• Source data
******
Lemma card_set_tuple_cons (T : finType) k (P : pred (k.+1.-tuple T)) :
  #|[set t | P t]| = \sum_(t : k.-tuple T) #|[set x | P (cons_tuple x t)]|.
Proof.
rewrite -(card_set_pair (fun t x => P (cons_tuple x t))).
have cons_inj : injective (fun p : k.-tuple T * T => cons_tuple p.2 p.1).
  by move=> [t x] [u y] /(congr1 val) [-> /val_inj ->].
rewrite -(card_imset _ cons_inj); apply: eq_card => t; rewrite inE.
have tE : cons_tuple (thead t) (behead_tuple t) = t.
  by apply: val_inj; case: t => -[].
apply/idP/imsetP => [Pt | [[u x]]]; last by rewrite inE /= => Px ->.
by exists (behead_tuple t, thead t); rewrite ?inE /= tE.
Qed.

Lemma card_set_in_sum (T : finType) (A : {set T}) (P : pred T) :
  #|[set x in A | P x]| = \sum_(x in A) P x.
Proof.
rewrite -sum1_card big_mkcond [RHS]big_mkcond /=.
by apply: eq_bigr => x _; rewrite inE; case: (x \in A); case: (P x).
Qed.

Section Fibers.
Variables (D S : finType) (A : {set D}) (B : {set S}) (f : D -> S).
Hypothesis fAB : {in A, forall a, f a \in B}.

Lemma card_sum_fibers :
  #|A| = \sum_(s in B) #|[set a in A | f a == s]|.
Proof.
rewrite -sum1_card (partition_big f (mem B)) //=.
by apply: eq_bigr => s _; rewrite -sum1dep_card.
Qed.

Lemma card_ge_fibers m :
  (forall s, s \in B -> m <= #|[set a in A | f a == s]|) -> #|B| * m <= #|A|.
Proof. by move=> fm; rewrite card_sum_fibers -sum_nat_const leq_sum. Qed.

Lemma card_le_fibers m :
  (forall s, s \in B -> #|[set a in A | f a == s]| <= m) -> #|A| <= #|B| * m.
Proof. by move=> fm; rewrite card_sum_fibers -sum_nat_const leq_sum. Qed.

End Fibers.

Lemma leq_mul_predr m k : m * k <= m * k.-1 + m.
Proof. by case: k => [|k]; rewrite ?muln0 // mulnS addnC. Qed.

Lemma exp_lt_exp2_mul m k : m ^ k < 2 ^ (m * k).+1.
Proof.
have base_le : m ^ k <= (2 ^ m) ^ k.
  by case: k => [|k]; rewrite ?expn0 // leq_exp2r //; apply/ltnW/ltn_expl.
have : 0 < (2 ^ m) ^ k by rewrite !expn_gt0.
by rewrite expnS expnM; lia.
Qed.

Lemma double_succ_le_exp m k : 1 < m -> 2 * (m * (k * k + k)).+1 <= m ^ (k.*2 + 2).
Proof.
move=> m_gt1.
have quad_le : k * k + k + 1 <= 4 ^ k by elim: k => // k IHk; rewrite expnS; nia.
have : 4 ^ k <= m ^ k.*2.
  by rewrite -mul2n expnM; case: k {quad_le} => // k; rewrite leq_exp2r // (@leq_exp2r 2 m 2).
rewrite expnD; nia.
Qed.

Section GreedyCovering.
Variables (T : finType) (E : {set T}) (adj : rel T).
Hypothesis adj_sym : symmetric adj.

Definition nbhd x := [set y in E | adj x y].
Definition covered (C : {set T}) := [set x | [exists c in C, adj x c]].

Lemma covered_setU1 c (C : {set T}) x :
  (x \in covered (c |: C)) = adj x c || (x \in covered C).
Proof.
rewrite !inE; apply/exists_inP/orP.
  by case=> c' /setU1P [-> | c'C] xc'; [left | right; apply/exists_inP; exists c'].
case=> [xc | /exists_inP [c' c'C xc']].
  by exists c; rewrite ?setU11.
by exists c'; rewrite ?setU1r.
Qed.

Lemma coveredS (C D : {set T}) : C \subset D -> covered C \subset covered D.
Proof.
move=> CD; apply/subsetP => x; rewrite !inE => /exists_inP [c cC xc].
by apply/exists_inP; exists c; rewrite ?(subsetP CD).
Qed.

Lemma card_le_sum_nbhd (C : {set T}) :
  E \subset covered C -> #|E| <= \sum_(c in C) #|nbhd c|.
Proof.
move=> EC; pose center x := odflt x [pick c in C | adj x c].
have centerP x : x \in E -> center x \in C /\ adj x (center x).
  move=> /(subsetP EC); rewrite inE => /exists_inP [c cC xc].
  by rewrite /center; case: pickP => [c' /andP [] // | /(_ c)]; rewrite cC xc.
rewrite (card_sum_fibers (f := center) (B := C)); last by move=> x /centerP [].
apply: leq_sum => c _; apply: subset_leq_card; apply/subsetP => x.
by rewrite !inE => /andP [xE /eqP <-]; rewrite xE adj_sym; case: (centerP x xE).
Qed.

Lemma exists_dense_nbhd (S : {set T}) b :
  S \subset E -> (forall x, x \in E -> b <= #|nbhd x|) -> 0 < #|E| ->
  exists2 c, c \in E & (#|S| * b <= #|E| * #|S :&: nbhd c|).
Proof.
move=> SE nbhd_ge E_gt0.
have [c cE cmax] := eq_bigmax_cond (fun c => #|S :&: nbhd c|) E_gt0.
exists c => //.
have SnbhdE c' : S :&: nbhd c' = [set x in S | adj c' x].
  by apply/setP => x; rewrite !inE; case xS: (x \in S); rewrite //= (subsetP SE x xS).
apply: (@leq_trans (\sum_(x in S) #|nbhd x|)).
  by rewrite -sum_nat_const leq_sum // => x /(subsetP SE)/nbhd_ge.
have double_count : \sum_(x in S) #|nbhd x| = \sum_(c' in E) #|S :&: nbhd c'|.
  rewrite [RHS](eq_bigr (fun c' => \sum_(x in S) adj c' x)) => [|c' _]; last first.
    by rewrite SnbhdE card_set_in_sum.
  rewrite exchange_big; apply: eq_bigr => x _; rewrite card_set_in_sum.
  by apply: eq_bigr => c' _; rewrite adj_sym.
by rewrite double_count -cmax -sum_nat_const leq_sum // => c' c'E; apply: leq_bigmax_cond.
Qed.
(* Let $\sigma$ be an involutive non-degenerate quiver-theoretic Yang--Baxter map on a quiver $\mathscr{A}$, and let $E$ be the closure of (the image of) $\mathscr{A}$ under right-lcms in the structure category $\mathscr{C}(\sigma)$ (a Garside family of $\mathscr{C}(\sigma)$). Then $E$ is a perfect Garside family.
   Context: Write $\sigma(x,y)=(x\rightharpoonup y,x\leftharpoonup y)$. A quiver-theoretic Yang--Baxter map is a source/target-preserving map $\sigma$ on composable pairs satisfying the braid relation; involutive: $\sigma^2=\mathrm{id}$; non-degenerate: all $x\rightharpoonup\cdot\colon\mathscr{A}(\mathfrak{t}(x),\Lambda)\to\mathscr{A}(\mathfrak{s}(x),\Lambda)$ and $\cdot\leftharpoonup y\colon\mathscr{A}(\Lambda,\mathfrak{s}(y))\to\mathscr{A}(\Lambda,\mathfrak{t}(y))$ bijective. $\mathscr{C}(\sigma)$ is the category presented by generators $\mathscr{A}$ and relations $x|y\sim(x\rightharpoonup y)|(x\leftharpoonup y)$; it is left-Ore (cancellative, any two elements with same target have a common left-multiple) and admits left-lcms. For a category $\mathscr{C}$ and subfamily $\mathscr{S}$, $\mathscr{S}^\sharp=\mathscr{S}\mathscr{C}^\times\cup\mathscr{C}^\times$ ($\mathscr{C}^\times$ invertible elements). A left-lcm witness on $\mathscr{S}^\sharp$ is a partial map $\tilde\theta$ from $\mathscr{S}^\sharp\times\mathscr{S}^\sharp$ to paths in $\mathscr{S}^\sharp$ such that $\tilde\theta(s,t)$ and $\tilde\theta(t,s)$ are defined iff $s,t$ admit a left-lcm, and then $\tilde\theta(s,t)t=\tilde\theta(t,s)s$ is a left-lcm of $s,t$; it is short if its values lie in $\mathscr{S}^\sharp$ or are empty. For a left-Ore category admitting left-lcms, a Garside family $\mathscr{S}$ is perfect if there is a short left-lcm witness $\tilde\theta$ on $\mathscr{S}^\sharp$ such that $\tilde\theta(s,t)t\in\mathscr{S}^\sharp$ for all $s,t$ with the same target. *)

From Stdlib Require Import List Relation_Operators.
From mathcomp Require Import all_boot.


Set Implicit Arguments.
Unset Strict Implicit.
Unset Printing Implicit Defensive.

Section YB.
Variables (V A : Type) (src tgt : A -> V) (sigma : A -> A -> A * A).

(** ** Yang--Baxter map axioms.  sigma x y = (x ⇀ y, x ↼ y); only its values
    on composable pairs (tgt x = src y) matter. *)
Definition s12 (w : A * A * A) : A * A * A :=
  let: (a, b, c) := w in ((sigma a b).1, (sigma a b).2, c).
Definition s23 (w : A * A * A) : A * A * A :=
  let: (a, b, c) := w in (a, (sigma b c).1, (sigma b c).2).

Definition qYB_map : Prop :=
  (forall x y, tgt x = src y ->
     [/\ src (sigma x y).1 = src x,
         tgt (sigma x y).1 = src (sigma x y).2 &
         tgt (sigma x y).2 = tgt y]) /\
  (forall x y z, tgt x = src y -> tgt y = src z ->
     s12 (s23 (s12 (x, y, z))) = s23 (s12 (s23 (x, y, z)))).

Definition involutive_qYB : Prop :=
  forall x y, tgt x = src y -> sigma (sigma x y).1 (sigma x y).2 = (x, y).

Definition nondegenerate_qYB : Prop :=
  (forall x u, src u = src x ->
     exists! y, src y = tgt x /\ (sigma x y).1 = u) /\
  (forall y w, tgt w = tgt y ->
     exists! x, tgt x = src y /\ (sigma x y).2 = w).

Definition qpath := (V * seq A)%type.
Definition psrc (p : qpath) : V := p.1.
Definition ptgt (p : qpath) : V := last p.1 (map tgt p.2).
Fixpoint valid_from (v : V) (l : seq A) : Prop :=
  match l with
  | [::] => True
  | x :: l' => src x = v /\ valid_from (tgt x) l'
  end.
Definition valid (p : qpath) : Prop := valid_from p.1 p.2.
(* composition in diagrammatic order: p then q (meaningful if ptgt p = psrc q) *)
Definition comp (p q : qpath) : qpath := (p.1, p.2 ++ q.2).
Definition idp (v : V) : qpath := (v, [::]).
Definition arrow_path (x : A) : qpath := (src x, [:: x]).

(** ** The structure category C(sigma): paths modulo the congruence
    generated by x|y ~ (x ⇀ y)|(x ↼ y). *)
Definition ystep (p q : qpath) : Prop :=
  p.1 = q.1 /\ exists l1 l2 x y, tgt x = src y /\
    p.2 = l1 ++ x :: y :: l2 /\
    q.2 = l1 ++ (sigma x y).1 :: (sigma x y).2 :: l2.
Definition eqv : qpath -> qpath -> Prop := clos_refl_sym_trans qpath ystep.

Definition invertible (p : qpath) : Prop :=
  valid p /\ exists q, [/\ valid q, psrc q = ptgt p, ptgt q = psrc p,
    eqv (comp p q) (idp (psrc p)) & eqv (comp q p) (idp (psrc q))].

Definition ldiv (f g : qpath) : Prop :=
  [/\ valid f, valid g &
   exists h, [/\ valid h, psrc h = ptgt f & eqv (comp f h) g]].
Definition rdiv (s g : qpath) : Prop :=
  [/\ valid s, valid g &
   exists f, [/\ valid f, ptgt f = psrc s & eqv (comp f s) g]].

Definition is_rlcm (f g h : qpath) : Prop :=
  [/\ ldiv f h, ldiv g h & forall h', ldiv f h' -> ldiv g h' -> ldiv h h'].
Definition is_llcm (s t h : qpath) : Prop :=
  [/\ rdiv s h, rdiv t h & forall h', rdiv s h' -> rdiv t h' -> rdiv h h'].
Definition has_llcm (s t : qpath) : Prop := exists h, is_llcm s t h.

Definition sharp (S : qpath -> Prop) (g : qpath) : Prop :=
  valid g /\
  ((exists s e, [/\ S s, valid s, invertible e, psrc e = ptgt s &
                    eqv (comp s e) g]) \/ invertible g).

Inductive rlcm_closure : qpath -> Prop :=
| rc_gen (x : A) (p : qpath) :
    valid p -> eqv p (arrow_path x) -> rlcm_closure p
| rc_lcm (f g h : qpath) :
    rlcm_closure f -> rlcm_closure g -> is_rlcm f g h -> rlcm_closure h.

Definition greedy (S : qpath -> Prop) (s1 s2 : qpath) : Prop :=
  forall s f, S s -> valid f -> ptgt f = psrc s1 ->
    ldiv s (comp (comp f s1) s2) -> ldiv s (comp f s1).

Fixpoint pchain (v : V) (ss : seq qpath) (w : V) : Prop :=
  match ss with
  | [::] => v = w
  | s :: ss' => [/\ valid s, psrc s = v & pchain (ptgt s) ss' w]
  end.

Fixpoint greedy_chain (S : qpath -> Prop) (ss : seq qpath) : Prop :=
  match ss with
  | s1 :: ((s2 :: _) as ss') => greedy S s1 s2 /\ greedy_chain S ss'
  | _ => True
  end.

Definition eval_from (v : V) (ss : seq qpath) : qpath :=
  (v, flatten (map snd ss)).

Definition Garside (S : qpath -> Prop) : Prop :=
  forall g, valid g -> exists ss,
    [/\ pchain (psrc g) ss (ptgt g),
        (forall s, List.In s ss -> sharp S s),
        greedy_chain S ss &
        eqv (eval_from (psrc g) ss) g].

Fixpoint seq_eqv (ss uu : seq qpath) : Prop :=
  match ss, uu with
  | [::], [::] => True
  | s :: ss', t :: uu' => eqv s t /\ seq_eqv ss' uu'
  | _, _ => False
  end.
Definition opt_seq_eqv (o1 o2 : option (seq qpath)) : Prop :=
  match o1, o2 with
  | None, None => True
  | Some ss, Some uu => seq_eqv ss uu
  | _, _ => False
  end.
(* Let $H\subseteq G$ be non-abelian simple groups such that the inclusion $H\subseteq G$ is a localization. Assume $G$ and $\mathrm{Aut}(G)$ are co-hopfian, $\mathrm{Aut}(H)$ is complete, and $\mathrm{Out}(G)$ is hyperabelian. Let $j\colon\mathrm{Aut}(H)\to\mathrm{Aut}(G)$ be an injective homomorphism with $j(c_h)=c_h^G$ for all $h\in H$. Let $N=j^{-1}(\mathrm{Inn}(G))$, let $k\colon\mathrm{Out}(H)\to\mathrm{Out}(G)$ be induced by $j$, and let $\pi\colon\mathrm{Out}(H)\to\mathrm{Aut}(H)/N$ be the canonical projection. Consider the conditions: (b) the only $\theta\in\mathrm{Aut}(\mathrm{Aut}(G))$ with $\theta\circ j=j$ is the identity; (c) for every homomorphism $\varphi'\colon\mathrm{Aut}(H)/N\to\mathrm{Aut}(G)$ there exists a unique homomorphism $\psi'\colon\mathrm{Out}(G)\to\mathrm{Aut}(G)$ with $\psi'\circ k=\varphi'\circ\pi$; (d) every homomorphism $\varphi\colon\mathrm{Aut}(H)\to\mathrm{Aut}(G)$ with $\mathrm{Inn}(H)\subseteq\ker\varphi$ satisfies $N\subseteq\ker\varphi$. Then $j$ is a localization if and only if (b), (c) and (d) hold. If in addition $\mathrm{Aut}(G)$ is complete, then $j$ is a localization if and only if (c) and (d) hold.
   Context: A group homomorphism $i\colon X\to Y$ is a localization if for every homomorphism $\varphi\colon X\to Y$ there exists a unique homomorphism $\psi\colon Y\to Y$ with $\psi\circ i=\varphi$; for $H\subseteq G$, ''$H\subseteq G$ is a localization'' means the inclusion map is. A group is co-hopfian if every injective endomorphism is an automorphism; complete if it has trivial center and every automorphism is inner. A group $A$ is hyperabelian if every non-trivial quotient of $A$ has a non-trivial abelian normal subgroup. For $h\in H\subseteq G$, $c_h$ is conjugation by $h$ on $H$ and $c_h^G$ is conjugation by $h$ on $G$. $\mathrm{Out}(X)=\mathrm{Aut}(X)/\mathrm{Inn}(X)$. *)

(* Groups are possibly infinite, so we develop a small theory of
   setoid groups (a carrier with an equivalence relation playing the role of
   equality), which makes quotients (Out(G), Aut(H)/N) directly available. *)
From Stdlib Require Import Setoid Morphisms.

Record grp := Grp {
  car :> Type;
  geq : car -> car -> Prop;
  gmul : car -> car -> car;
  gone : car;
  ginv : car -> car;
  geq_refl : forall x, geq x x;
  geq_sym : forall x y, geq x y -> geq y x;
  geq_trans : forall x y z, geq x y -> geq y z -> geq x z;
  gmul_compat : forall x x' y y', geq x x' -> geq y y' -> geq (gmul x y) (gmul x' y');
  ginv_compat : forall x x', geq x x' -> geq (ginv x) (ginv x');
  gmulA : forall x y z, geq (gmul x (gmul y z)) (gmul (gmul x y) z);
  gmul1l : forall x, geq (gmul gone x) x;
  gmul1r : forall x, geq (gmul x gone) x;
  gmulVl : forall x, geq (gmul (ginv x) x) gone;
  gmulVr : forall x, geq (gmul x (ginv x)) gone }.

Arguments geq {_} _ _.
Arguments gmul {_} _ _.
Arguments gone {_}.
Arguments ginv {_} _.
Arguments geq_refl {_} _.
Arguments geq_sym {_} _ _ _.
Arguments geq_trans {_} _ _ _ _ _.
Arguments gmul_compat {_} _ _ _ _ _ _.
Arguments ginv_compat {_} _ _ _.
Arguments gmulA {_} _ _ _.
Arguments gmul1l {_} _.
Arguments gmul1r {_} _.
Arguments gmulVl {_} _.
Arguments gmulVr {_} _.

Notation "x =g y" := (geq x y) (at level 70, no associativity).
Infix "*g" := gmul (at level 40, left associativity).

#[export] Instance geq_Equiv (G : grp) : Equivalence (@geq G).
Proof. split; [exact geq_refl | exact geq_sym | exact geq_trans]. Qed.
#[export] Instance gmul_Proper (G : grp) : Proper (geq ==> geq ==> geq) (@gmul G).
Proof. intros ? ? ? ? ? ?; apply gmul_compat; assumption. Qed.
#[export] Instance ginv_Proper (G : grp) : Proper (geq ==> geq) (@ginv G).
Proof. intros ? ? ?; apply ginv_compat; assumption. Qed.

Section GrpTheory.
Variable G : grp.
Implicit Types x y z g : G.

Lemma inv_unique x y : x *g y =g gone -> y =g ginv x.
Proof.
  intro H. rewrite <- (gmul1l y), <- (gmulVl x), <- gmulA, H, gmul1r. reflexivity.
Qed.
Lemma inv_mul x y : ginv (x *g y) =g ginv y *g ginv x.
Proof.
  symmetry; apply inv_unique. rewrite <- gmulA, (gmulA y (ginv y) (ginv x)), gmulVr,
    gmul1l, gmulVr. reflexivity.
Qed.
Lemma inv_inv x : ginv (ginv x) =g x.
Proof. symmetry; apply inv_unique; apply gmulVl. Qed.
Lemma inv_one : ginv (@gone G) =g gone.
Proof. symmetry; apply inv_unique; apply gmul1l. Qed.
Lemma mulKV g z : ginv g *g (g *g z) =g z.
Proof. rewrite gmulA, gmulVl, gmul1l; reflexivity. Qed.
Lemma mulVK g z : g *g (ginv g *g z) =g z.
Proof. rewrite gmulA, gmulVr, gmul1l; reflexivity. Qed.
Lemma idem_one x : x *g x =g x -> x =g gone.
Proof.
  intro H. transitivity (ginv x *g (x *g x)).
  symmetry; apply mulKV. rewrite H, gmulVl. reflexivity.
Qed.
End GrpTheory.

Ltac gsimpl := repeat (rewrite <- gmulA || rewrite mulKV || rewrite mulVK
  || rewrite gmulVl || rewrite gmulVr || rewrite gmul1l || rewrite gmul1r
  || rewrite inv_mul || rewrite inv_inv || rewrite inv_one).

Definition conj (G : grp) (g x : G) : G := g *g x *g ginv g.
Arguments conj {_} _ _.

Record hom (A B : grp) := Hom {
  hfun :> A -> B;
  hfun_compat : forall x y, x =g y -> hfun x =g hfun y;
  hfun_mul : forall x y, hfun (x *g y) =g hfun x *g hfun y }.
Arguments hfun {_ _} _ _.
Arguments hfun_compat {_ _} _ _ _ _.
Arguments hfun_mul {_ _} _ _ _.

#[export] Instance hfun_Proper A B (f : hom A B) : Proper (geq ==> geq) (hfun f).
Proof. intros ? ? ?; apply hfun_compat; assumption. Qed.

Lemma hom_one A B (f : hom A B) : f gone =g gone.
Proof. apply idem_one. rewrite <- hfun_mul, gmul1l. reflexivity. Qed.
Lemma hom_inv A B (f : hom A B) x : f (ginv x) =g ginv (f x).
Proof. apply inv_unique. rewrite <- hfun_mul, gmulVr, hom_one. reflexivity. Qed.

Definition injective {A B : grp} (f : hom A B) : Prop := forall x y, f x =g f y -> x =g y.
Definition surjective {A B : grp} (f : hom A B) : Prop := forall y, exists x, f x =g y.

Record aut (G : grp) := Aut {
  afun :> G -> G;
  ainv : G -> G;
  afun_compat : forall x y, x =g y -> afun x =g afun y;
  ainv_compat : forall x y, x =g y -> ainv x =g ainv y;
  afun_mul : forall x y, afun (x *g y) =g afun x *g afun y;
  afun_ainv : forall x, afun (ainv x) =g x;
  ainv_afun : forall x, ainv (afun x) =g x }.
Arguments afun {_} _ _.
Arguments ainv {_} _ _.
Arguments afun_compat {_} _ _ _ _.
Arguments ainv_compat {_} _ _ _ _.
Arguments afun_mul {_} _ _ _.
Arguments afun_ainv {_} _ _.
Arguments ainv_afun {_} _ _.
******
• Brief
From the records above, extract exactly and only the lines that begin at the line with "Definition rdiv (s" and stop after the line with "[/\ rdiv s h, rdiv".

• Solved exercise
Definition rdiv (s g : qpath) : Prop :=
  [/\ valid s, valid g &
   exists f, [/\ valid f, ptgt f = psrc s & eqv (comp f s) g]].

Definition is_rlcm (f g h : qpath) : Prop :=
  [/\ ldiv f h, ldiv g h & forall h', ldiv f h' -> ldiv g h' -> ldiv h h'].
Definition is_llcm (s t h : qpath) : Prop :=
  [/\ rdiv s h, rdiv t h & forall h', rdiv s h' -> rdiv t h' -> rdiv h h'].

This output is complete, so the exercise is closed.